Sarah Reed was only 30 years old at the time of her death last month. What makes her name the most recent addition to the rapidly growing list of names being remembered on social media is that she died in police custody under mysterious circumstances.
For starters, Reed had been subjected to police brutality and violence while in custody. After being arrested for shoplifting in 2012, she was assaulted by a police officer named James Kiddie. Surveillance footage showed Kiddie grab Reed by her hair, kick and hit her in the head. The officer was eventually found guilty of “common assault” and sentenced to a 150-hour community order. Kiddie was later dismissed from his police duties after the video was released, according to The Independent.
Reed was found unresponsive in her jail cell at Hm Holloway, a prison in London, on Jan. 11.

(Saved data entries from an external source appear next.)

Lemma Grow_Cut n (T : {set {set 'I_n.+1}}) :
  NL_topology T -> Grow (down (smallest_with_max T)) (Cut T) = T.
Proof.
case=> T_top T_seg; have [_ _ T_U T_I] := T_top.
have M_T := smallest_with_max_mem T_top.
apply/setP => V; rewrite mem_Grow mem_Cut up_downE.
apply/andP/idP => [[V'_T] | VT]; last first.
  rewrite T_I ?(T_seg ord_max) //; split=> //; apply/implyP => maxV.
  by apply/subsetP => x; rewrite !mem_down; apply/subsetP/smallest_with_max_sub.
case maxV: (ord_max \in V) => /= sub_M; last first.
  by rewrite -up_downE up_down ?maxV in V'_T.
suff -> : V = (V :&: [set x : 'I_n.+1 | x < @ord_max n]) :|: smallest_with_max T.
  exact: T_U.
apply/setP => x; rewrite !inE; have [-> | [y ->]] := ord_max_or_widenS x.
  by rewrite maxV ord_max_in_smallest_with_max orbT.
rewrite /= ltn_ord andbT; apply/idP/orP => [-> | [] //]; first by left.
by rewrite -!mem_down => /(subsetP sub_M).
Qed.

Lemma NextE n (T : {set {set 'I_n.+1}}) :
  Next T = match NextS (down (smallest_with_max T)) (Cut T) with
           | Some S' => Some (Grow S' (Cut T))
           | None => omap (Grow set0) (Next (Cut T))
           end.
Proof. by []. Qed.

Lemma Next_Grow n (S : {set 'I_n}) (T : {set {set 'I_n}}) : S \in T ->
  Next (Grow S T) = match NextS S T with
                    | Some S' => Some (Grow S' T)
                    | None => omap (Grow set0) (Next T)
                    end.
Proof. by move=> ST; rewrite NextE Cut_Grow down_smallest_with_max_Grow. Qed.

Lemma sets_ord0 (U : {set 'I_0}) : U = set0.
Proof. by apply/setP => -[]. Qed.

Lemma NL_topology_First n : NL_topology (First n).
Proof.
elim: n => [|n IH]; last by apply: NL_topology_Grow; case: IH => -[].
split=> [|[]//]; split=> [||U V _ _|U V _ _]; rewrite inE; apply/eqP; exact: sets_ord0.
Qed.

Lemma NL_topology_Next n (T T' : {set {set 'I_n}}) :
  NL_topology T -> Next T = Some T' -> NL_topology T'.
Proof.
elim: n T T' => // n IH T T' /NL_topology_Cut T'_NL; rewrite NextE.
case NextS_M: NextS => [S|] => [[<-] | ].
  exact: NL_topology_Grow T'_NL (succ_in_mem NextS_M).
case Next_T': Next => [T''|] // [<-].
by apply: NL_topology_Grow; [exact: IH Next_T' | case: (IH _ _ T'_NL Next_T') => -[]].
Qed.

Lemma reaches_NL_topology n (T : {set {set 'I_n}}) :
  reaches (@Next n) (First n) T -> NL_topology T.
Proof.
move: T; apply: (reaches_ind (P := @NL_topology n)) (NL_topology_First n) _.
by move=> T1 T2 _; apply: NL_topology_Next.
Qed.

Lemma reaches_Grow n (T : {set {set 'I_n}}) S :
  set0 \in T -> S \in T -> reaches (@Next n.+1) (Grow set0 T) (Grow S T).
Proof.
move=> T_0 ST.
have S_reached : reaches (succ_in (@ll_lt n) T) set0 S.
  apply: (reaches_succ_in (@ll_lt_irr n) (@ll_lt_trans n) (@ll_lt_total n)) => // U _.
  by rewrite ll_lt0s.
apply: (reaches_map (g := fun S => Grow S T)) S_reached => U U' U_reached NextS_U.
by rewrite Next_Grow ?NextSE ?NextS_U // (reaches_succ_in_mem T_0 U_reached).
Qed.

Lemma reaches_Grow_set0 n (T : {set {set 'I_n}}) :
  reaches (@Next n) (First n) T -> reaches (@Next n.+1) (First n.+1) (Grow set0 T).
Proof.
pose P T := reaches (@Next n.+1) (First n.+1) (Grow set0 T).
move: T; apply: (reaches_ind (P := P)) (reaches_refl _ _) _.
move=> T1 T2 T1_reached Grow_T1_reached Next_T1.
have [[T1_0 _ _ _] _] := reaches_NL_topology T1_reached.
have [L LT1 NextS_L] := exists_succ_in_None (@ll_lt_irr n) (@ll_lt_trans n) T1_0.
apply: reaches_step (reaches_trans Grow_T1_reached (reaches_Grow T1_0 LT1)) _.
by rewrite Next_Grow // NextSE NextS_L Next_T1.
Qed.

Lemma NL_topology_reaches n (T : {set {set 'I_n}}) :
  NL_topology T -> reaches (@Next n) (First n) T.
Proof.
elim: n T => [|n IH] T T_NL.
  suff -> : T = First 0 by apply: reaches_refl.
  by apply/setP => U; rewrite (sets_ord0 U) inE eqxx; case: T_NL => -[].
have Cut_NL := NL_topology_Cut T_NL; have [[Cut_0 _ _ _] _] := Cut_NL.
rewrite -(Grow_Cut T_NL).
apply: reaches_trans (reaches_Grow_set0 (IH _ Cut_NL)) _.
exact: reaches_Grow Cut_0 (down_smallest_with_max_in_Cut T_NL).
Qed.

Lemma iterNextE n k (T : {set {set 'I_n}}) :
  iterNext k T = iter k (obind (@Next n)) (Some T).
Proof. by elim: k => //= k ->. Qed.

Theorem theorem5p11 (n : nat) (T : {set {set 'I_n}}) :
  (exists k : nat, iterNext k (First n) = Some T) <-> is_NLT T.
Proof.
split=> [[k] | /NL_topologyP /NL_topology_reaches [k]].
  rewrite iterNextE => reached; apply/NL_topologyP/reaches_NL_topology.
  by exists k.
by exists k; rewrite iterNextE.
Qed.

“Prison staff attempted CPR, but she was pronounced dead shortly after,” according to a Ministry of Justice statement. “As with all deaths in custody, the independent Prisons and Probation Ombudsman will conduct an investigation”.
Her family reportedly told Lee Jasper, a British activist, that they were informed Reed somehow managed to suffocate herself while lying down in her bed, which they understandably find suspicious. They also claim they weren’t allowed to see her body, which raises even more suspicions.
An investigation is underway, as is protocol whenever someone dies while in police custody, according to BBC.
Multiple sources are reporting that Reed struggled with mental illness and drug abuse in her past, partially due to the passing of her newborn in 2003. While that is indeed pertinent information, members of the public and media should be wary to hold it against Reed before finding out all of the facts surrounding her death. Especially with all of the unanswered questions surrounding it and her proven history with police brutality.
This tragic tale paints a clear picture that police violence isn’t only an issue that affects black people in the United States, but across the globe as a whole.